Optimistic economic growth forecasts may not restore Dutch confidence in the two ruling parties.

Dutch government buildings in The Hague
Dutch government buildings in The Hague (Shutterstock/Michael Regeer)

The Netherlands’ ruling parties promised voters relief from austerity on Tuesday. But the return of economic growth after years of belt tightening may be coming too late to restore confidence in Mark Rutte’s coalition government.

According to the spending plans read out by King Willem-Alexander during the yearly state opening of parliament, the Dutch economy will expand 2.4 percent next year. It would be the first time in more than a decade that the economy grows faster than 2 percent. The windfall would allow €5 billion in tax relief, the king said, as well as higher spending on defense and health care on a total budget of €260 billion.

The government’s deficit would fall from 2.2 percent of economic output this year to 1.5 percent in 2016.

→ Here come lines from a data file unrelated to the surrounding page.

(* Let $\mathcal{G}=\{\mathcal{V},\mathcal{E},\boldsymbol{W}\}$ be a connected undirected weighted graph with $N$ vertices, with graph Laplacian $\boldsymbol{L}=\boldsymbol{D}-\boldsymbol{W}=\boldsymbol{U}\boldsymbol{\Lambda}\boldsymbol{U}^T$, where $\boldsymbol{U}=[\boldsymbol{u}_1,\dots,\boldsymbol{u}_N]$ is orthonormal and the eigenvalues are ordered $0=\lambda_1\le\dots\le\lambda_N$. Fix integers $1\le f_L\le f_U\le N$ and let $$C_b=\{\boldsymbol{x}\in\mathbb{R}^N:\ \boldsymbol{u}_i^T\boldsymbol{x}=0\ \text{for all } i\notin[f_L,f_U]\}.$$ Let $\mathcal{V}'=\{v_1,\dots,v_M\}\subseteq\mathcal{V}=\{1,\dots,N\}$ be a set of $M$ distinct sampled vertices and let $\boldsymbol{x}\in C_b$ be a signal with observed signs $s_i=\mathrm{sign}(x_{v_i})\in\{-1,0,1\}$, $i=1,\dots,M$ (with $\mathrm{sign}(0)=0$). Let $$C_v=\{\boldsymbol{y}\in\mathbb{R}^N:\ s_i y_{v_i}\ge 0 \text{ if } s_i\neq 0,\ y_{v_i}=0 \text{ if } s_i=0,\ i=1,\dots,M\},$$ and $C=C_b\cap C_v$. Define $\boldsymbol{P}_b=\boldsymbol{U}\boldsymbol{\Gamma}\boldsymbol{U}^T$, where $\boldsymbol{\Gamma}$ is diagonal with $\Gamma_{kk}=1$ if $k\in[f_L,f_U]$ and $0$ otherwise, and define $\boldsymbol{P}_v:\mathbb{R}^N\to\mathbb{R}^N$ by $(\boldsymbol{P}_v\boldsymbol{y})_j=0$ if $j=v_i$ for some $i$ with $\mathrm{sign}(y_j)\neq s_i$, and $(\boldsymbol{P}_v\boldsymbol{y})_j=y_j$ otherwise. For an arbitrary initial point $\boldsymbol{x}_0\in\mathbb{R}^N$ define $\boldsymbol{x}_{n+1}=\boldsymbol{P}_b\boldsymbol{P}_v\boldsymbol{x}_n$. Then the sequence $\{\boldsymbol{x}_n\}$ converges to some point $\boldsymbol{x}^*\in C$, and the convergence rate is independent of the choice of the initial point $\boldsymbol{x}_0$.
   Context: $\boldsymbol{D}$ is the diagonal degree matrix with $D_{ii}=\sum_j W_{ij}$, and $W_{ij}>0$ iff $(i,j)\in\mathcal{E}$. $C_b$ is the set of band-limited signals with passband $[f_L,f_U]$; $\boldsymbol{P}_b$ is the orthogonal projection onto $C_b$ and $\boldsymbol{P}_v$ is the projection onto the closed convex cone $C_v$ of signals consistent with the observed signs. *)

From HB Require Import structures.
From mathcomp Require Import all_boot all_order all_algebra.
From mathcomp Require Import all_classical all_reals all_analysis.
Set Implicit Arguments. Unset Strict Implicit. Unset Printing Implicit Defensive.
Import Order.TTheory GRing.Theory Num.Theory.
Local Open Scope ring_scope.
Local Open Scope classical_set_scope.

Section GraphSignal.
Variable R : realType.

Definition degmx n (W : 'M[R]_n) : 'M[R]_n := diag_mx (\row_i \sum_j W i j).

Definition laplacian n (W : 'M[R]_n) : 'M[R]_n := degmx W - W.

Definition adjrel n (W : 'M[R]_n) : rel 'I_n := fun i j => 0 < W i j.

Definition connected_graph n (W : 'M[R]_n) : Prop :=
  forall i j : 'I_n, connect (adjrel W) i j.

(* 0-based index k corresponds to the paper's index k+1 *)
Definition in_band n (fL fU : nat) (k : 'I_n) : bool := (fL <= k.+1 <= fU)%N.

Definition Cb n (U : 'M[R]_n) (fL fU : nat) : set 'cV[R]_n :=
  [set x | forall i : 'I_n, ~~ in_band fL fU i -> (U^T *m x) i 0 = 0].

Definition Cv n M (v : 'I_M -> 'I_n) (s : 'I_M -> R) : set 'cV[R]_n :=
  [set y | forall i : 'I_M,
     (s i != 0 -> 0 <= s i * y (v i) 0) /\ (s i = 0 -> y (v i) 0 = 0)].

Definition Pb n (U : 'M[R]_n) (fL fU : nat) : 'M[R]_n :=
  U *m diag_mx (\row_k (if in_band fL fU k then 1 else 0)) *m U^T.

Definition Pv n M (v : 'I_M -> 'I_n) (s : 'I_M -> R) (y : 'cV[R]_n) : 'cV[R]_n :=
  \col_j (if [exists i : 'I_M, (v i == j) && (Num.sg (y j 0) != s i)]
          then 0 else y j 0).

Definition enorm n (x : 'cV[R]_n) : R := Num.sqrt (\sum_j (x j 0) ^+ 2).

End GraphSignal.

From HB Require Import structures.
From mathcomp Require Import all_boot all_order all_algebra.
From mathcomp Require Import all_classical all_reals all_analysis.
From mathcomp Require Import ring lra.
Set Implicit Arguments.
Unset Strict Implicit.
Unset Printing Implicit Defensive.

Import Order.TTheory GRing.Theory Num.Theory numFieldNormedType.Exports.
Local Open Scope ring_scope.
Local Open Scope classical_set_scope.

(* T = P_b P_v is Fejer monotone with respect to C: for z in C,
   |T x - z|^2 + |x - P_v x|^2 <= |x - z|^2, since P_b is the orthogonal projection
   onto the subspace C_b and P_v acts coordinatewise.  Hoffman's error bound for the
   sign constraints inside C_b gives linear regularity, dist(x, C)^2 <= k |x - P_v x|^2
   on C_b.  Hence dist(x_n, C)^2 shrinks by the factor 1 - 1/(k + 2) at every step,
   whatever x_0, and Fejer monotonicity makes (x_n) Cauchy with the same geometric
   rate; its limit lies in C because C is closed. *)

Section GeometricSequences.
Variable R : realType.
Implicit Types (a : nat -> R) (B c e l r : R).

Lemma cvg_geometric c r : 0 <= r < 1 -> (fun n => c * r ^+ n) @ \oo --> 0.
Proof.
move=> /andP[r0 r1]; rewrite -(mulr0 c); apply: cvgM; first exact: cvg_cst.
by apply: cvg_expr; rewrite ger0_norm.
Qed.

Lemma geometric_lt c r e : 0 <= r < 1 -> 0 < e -> exists n, c * r ^+ n < e.
Proof.
move=> r01 e0; have [n _ Hn] := (cvgrPdist_lt _ _).1 (cvg_geometric c r01) e e0.
exists n; have := Hn n (leqnn n); rewrite /= sub0r normrN.
exact: le_lt_trans (ler_norm _).
Qed.

Lemma cvg_geometric_bound a l c r : 0 <= r < 1 ->
  (forall n, `|a n - l| <= c * r ^+ n) -> a @ \oo --> l.
Proof.
move=> r01 bound.
apply: (@squeeze_cvgr _ _ _ _ (fun n => l - c * r ^+ n) (fun n => l + c * r ^+ n)).
- by apply: nearW => n; move: (bound n); rewrite ler_distl => /andP[-> ->].
- by rewrite -[X in _ --> X]subr0; apply: cvgB; [exact: cvg_cst | exact: cvg_geometric].
- by rewrite -[X in _ --> X]addr0; apply: cvgD; [exact: cvg_cst | exact: cvg_geometric].
Qed.

Lemma cauchy_geometric a B r : 0 <= r < 1 ->
  (forall n m, (n <= m)%N -> (a m - a n) ^+ 2 <= B * r ^+ n) ->
  exists l, forall n, (a n - l) ^+ 2 <= B * r ^+ n.
Proof.
move=> r01 cauchy_a.
have dist_a n m : (n <= m)%N -> `|a m - a n| <= Num.sqrt (B * r ^+ n).
  by move=> nm; rewrite -sqrtr_sqr; apply: ler_wsqrtr; exact: cauchy_a.
have cvg_a : cvg (a @ \oo).
  apply: cauchy_cvg; apply: cauchy_exP => e e0.
  have [n Bn_lt] := geometric_lt B r01 (exprn_gt0 2 e0).
  exists (a n); exists n => // m /= nm; rewrite -ball_normE /ball_ /= distrC.
  apply: le_lt_trans (dist_a n m nm) _.
  by rewrite -[e]ger0_norm ?ltW // -sqrtr_sqr ltr_sqrt // exprn_gt0.
exists (lim (a @ \oo)) => n.
have Bn0 : 0 <= B * r ^+ n by apply: le_trans (cauchy_a n n (leqnn n)); rewrite sqr_ge0.
set l := lim _; set d := Num.sqrt (B * r ^+ n).
have l_le : l <= a n + d.
  apply: limr_le => //; exists n => // m /= nm.
  by have := dist_a n m nm; rewrite ler_distl => /andP[_]; rewrite addrC.
have le_l : a n - d <= l.
  apply: limr_ge => //; exists n => // m /= nm.
  by have := dist_a n m nm; rewrite ler_distl => /andP[+ _]; rewrite lerBlDl addrC.
by rewrite -[B * _](sqr_sqrtr Bn0) -/d -sqrrN opprB; nra.
Qed.

End GeometricSequences.

Section SquaredNorm.
Variables (R : realFieldType) (N : nat).
Implicit Types x y z : 'cV[R]_N.

Definition sqnorm x := \sum_j x j 0 ^+ 2.
Definition l1norm x := \sum_j `|x j 0|.

Lemma sqnorm_ge0 x : 0 <= sqnorm x.
Proof. by apply: sumr_ge0 => j _; rewrite sqr_ge0. Qed.

Lemma l1norm_ge0 x : 0 <= l1norm x.
Proof. by apply: sumr_ge0. Qed.

Lemma sqr_coord_le_sqnorm x j : x j 0 ^+ 2 <= sqnorm x.
Proof. by rewrite /sqnorm (bigD1 j) //= lerDl; apply: sumr_ge0 => k _; rewrite sqr_ge0. Qed.

Lemma normr_coord_le_l1norm x j : `|x j 0| <= l1norm x.
Proof. by rewrite /l1norm (bigD1 j) //= lerDl; apply: sumr_ge0. Qed.

Lemma sqnorm_le_l1norm x : sqnorm x <= l1norm x ^+ 2.
Proof.
rewrite /sqnorm expr2 {1}/l1norm mulr_suml; apply: ler_sum => j _.
by rewrite -real_normK ?num_real // expr2 ler_wpM2l ?normr_coord_le_l1norm.
Qed.

Lemma sqnormN x : sqnorm (- x) = sqnorm x.
Proof. by apply: eq_bigr => j _; rewrite mxE sqrrN. Qed.

Lemma sqnormB_sym x y : sqnorm (x - y) = sqnorm (y - x).
Proof. by rewrite -sqnormN opprB. Qed.

Lemma sqnormB_le x y z : sqnorm (x - y) <= 2 * sqnorm (x - z) + 2 * sqnorm (z - y).
Proof.
rewrite /sqnorm !mulr_sumr -big_split; apply: ler_sum => j _; rewrite /= !mxE.
by have := sqr_ge0 (x j 0 - z j 0 - (z j 0 - y j 0)); lra.
Qed.

Lemma sqnorm_mx x : sqnorm x = (x^T *m x) 0 0.
Proof. by rewrite mxE; apply: eq_bigr => j _; rewrite mxE expr2. Qed.

Lemma sqnorm_orthogonal (Q : 'M[R]_N) x : Q^T *m Q = 1%:M -> sqnorm (Q *m x) = sqnorm x.
Proof. by move=> QTQ; rewrite !sqnorm_mx trmx_mul mulmxA -(mulmxA x^T) QTQ mulmx1. Qed.

Lemma l1normZ a x : l1norm (a *: x) = `|a| * l1norm x.
Proof. by rewrite /l1norm mulr_sumr; apply: eq_bigr => j _; rewrite mxE normrM. Qed.

Lemma l1norm0 : l1norm 0 = 0.
Proof. by rewrite -(scale0r 0) l1normZ normr0 mul0r. Qed.

Lemma l1normB_le x y z : l1norm (x - z) <= l1norm (x - y) + l1norm (y - z).
Proof.
rewrite /l1norm -big_split; apply: ler_sum => j _; rewrite /= !mxE.
by rewrite -[x j 0 - z j 0](subrKA (y j 0)) ler_normD.
Qed.

Definition sqnorm_closed (A : set 'cV[R]_N) :=
  forall x, (forall e, 0 < e -> exists2 z, A z & sqnorm (x - z) < e) -> A x.

Lemma sqnorm_closedI A B : sqnorm_closed A -> sqnorm_closed B -> sqnorm_closed (A `&` B).
Proof.
move=> clA clB x approx; split; [apply: clA | apply: clB] => e /approx[z [Az Bz] xz_lt];
  by exists z.
Qed.

End SquaredNorm.

Lemma ge0_approx (R : realFieldType) (a : R) :
  (forall e, 0 < e -> exists2 b, 0 <= b & (a - b) ^+ 2 < e) -> 0 <= a.
Proof.
move=> approx; rewrite leNgt; apply/negP => a_lt0.
have a2_gt0 : 0 < a ^+ 2 by rewrite -sqrrN exprn_gt0 // oppr_gt0.
by have [b b_ge0] := approx _ a2_gt0; nra.
Qed.

Lemma eq0_approx (R : realFieldType) (a : R) : (forall e, 0 < e -> a ^+ 2 < e) -> a = 0.
Proof.
move=> approx; apply/eqP; rewrite eq_le -oppr_ge0.
by apply/andP; split; apply: ge0_approx => e /approx; exists 0; rewrite // subr0 ?sqrrN.
Qed.

Lemma cauchy_geometric_vec (R : realType) (N : nat) (y : nat -> 'cV[R]_N) (B r : R) :
  0 <= r < 1 -> (forall n m, (n <= m)%N -> sqnorm (y m - y n) <= B * r ^+ n) ->
  exists l, forall n, sqnorm (y n - l) <= N%:R * B * r ^+ n.
Proof.
move=> r01 cauchy_y.
have [l l_bound] : {l : 'I_N -> R & forall j n, (y n j 0 - l j) ^+ 2 <= B * r ^+ n}.
  apply: (choice (P := fun j lj => forall n, (y n j 0 - lj) ^+ 2 <= B * r ^+ n)) => j.
  apply: (@cauchy_geometric _ (fun n => y n j 0) B r r01) => n m nm.
  by apply: le_trans (cauchy_y n m nm); have := sqr_coord_le_sqnorm (y m - y n) j; rewrite !mxE.
exists (\col_j l j) => n; rewrite -mulrA mulr_natl -[X in _ *+ X]card_ord -sumr_const.
by apply: ler_sum => j _; rewrite !mxE.
Qed.

Lemma enormE (R : realType) (N : nat) (x : 'cV[R]_N) : enorm x = Num.sqrt (sqnorm x).
Proof. by []. Qed.

Lemma normr_coord_le_enorm (R : realType) (N : nat) (x : 'cV[R]_N) j : `|x j 0| <= enorm x.
Proof. by rewrite enormE -sqrtr_sqr ler_wsqrtr ?sqr_coord_le_sqnorm. Qed.

Section Hoffman.
Variables (R : realFieldType) (N : nat).
Local Notation vec := 'cV[R]_N.
Implicit Types (x y z w : vec) (A : set vec) (c : 'I_N * bool) (cs : seq ('I_N * bool)).

Definition constraint_val c x := (-1) ^+ c.2 * x c.1 0.
Definition violation c x := Num.max 0 (- constraint_val c x).
Definition total_violation cs x := \sum_(c <- cs) violation c x.
Definition satisfies cs x := forall c, c \in cs -> 0 <= constraint_val c x.

Definition is_subspace A := A 0 /\ forall a x y, A x -> A y -> A (a *: x + y).

Definition hoffman_bound A cs k := forall x, A x ->
  exists2 z, A z /\ satisfies cs z & l1norm (x - z) <= k * total_violation cs x.

Lemma constraint_val_segment c x z t : constraint_val c (x + t *: (z - x)) =
  constraint_val c x + t * (constraint_val c z - constraint_val c x).
Proof. by rewrite /constraint_val !mxE; ring. Qed.

Lemma constraint_val_eq0 c x : (constraint_val c x == 0) = (x c.1 0 == 0).
Proof. by rewrite mulf_eq0 signr_eq0. Qed.

Lemma satisfies_cons c cs z :
  0 <= constraint_val c z -> satisfies cs z -> satisfies (c :: cs) z.
Proof. by move=> cz sat_z c'; rewrite in_cons => /orP[/eqP -> // | /sat_z]. Qed.

Lemma violation_ge0 c x : 0 <= violation c x.
Proof. by rewrite /violation le_max lexx. Qed.

Lemma violation_eq0 c x : 0 <= constraint_val c x -> violation c x = 0.
Proof. by move=> cx; rewrite /violation max_l // oppr_le0. Qed.

Lemma violation_le0 c x : constraint_val c x <= 0 -> violation c x = `|x c.1 0|.
Proof.
move=> cx; rewrite /violation max_r ?oppr_ge0 // -ler0_norm //.
by rewrite normrM normr_sign mul1r.
Qed.

Lemma violation_lipschitz c x y : violation c y <= violation c x + l1norm (x - y).
Proof.
have cxy : `|constraint_val c x - constraint_val c y| <= l1norm (x - y).
  apply: le_trans (normr_coord_le_l1norm (x - y) c.1).
  by rewrite -mulrBr normrM normr_sign mul1r !mxE.
rewrite /violation ge_max; set M := Num.max _ _.
have M_ge0 : 0 <= M by rewrite le_max lexx.
have M_ge : - constraint_val c x <= M by rewrite le_max lexx orbT.
have := ler_norm (constraint_val c x - constraint_val c y).
by have := l1norm_ge0 (x - y); move=> *; apply/andP; split; lra.
Qed.

Lemma total_violation_cons c cs x :
  total_violation (c :: cs) x = violation c x + total_violation cs x.
Proof. by rewrite /total_violation big_cons. Qed.

Lemma total_violation_ge0 cs x : 0 <= total_violation cs x.
Proof. by apply: sumr_ge0 => c _; exact: violation_ge0. Qed.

With the exception of pensioners and the unemployed, nearly all of the Dutch would see their purchasing power increase in the upcoming fiscal year. For the lowest paid, the measures would amount to 5.3 percent more spending power.

Unemployment, at 6.7 percent, remains relatively high by Dutch standards but is far below the European average of 9.5 percent.

Absent from the king’s speech was an announcement of tax reform. Although he said taxes on savings up to €125,000 would be lowered while those on higher savings will be raised, there was no promise of a more comprehensive overhaul, despite the ruling parties’ efforts to find parliamentary support for it.

Without a majority in the upper chamber of parliament, Labor and Rutte’s liberals would have needed the support of centrist opposition parties to enact tax reforms. The two had proposed reducing labor costs to encourage hiring and raise capital and sales taxes to make up the difference but couldn’t convince the others.

In the lower house, the government’s majority of 76 would be reduced to 43, according to the latest Ipsos poll. The centrist Democrats and the nationalist Freedom Party would both see their numbers go up in the 150-seat legislature.

The next election can be called no later than March 2017. Given the Labor Party’s collapse in the polls and the absence of a left-wing majority, analysts expects the liberals will next go into coalition with the Democrats and the Christian Democrats. The three most recently governed together from 2003 to 2006 and would be able to reform the tax code without taking into account Labor’s hesitations about lowering costs for employers and its insistence on raising the tax on capital.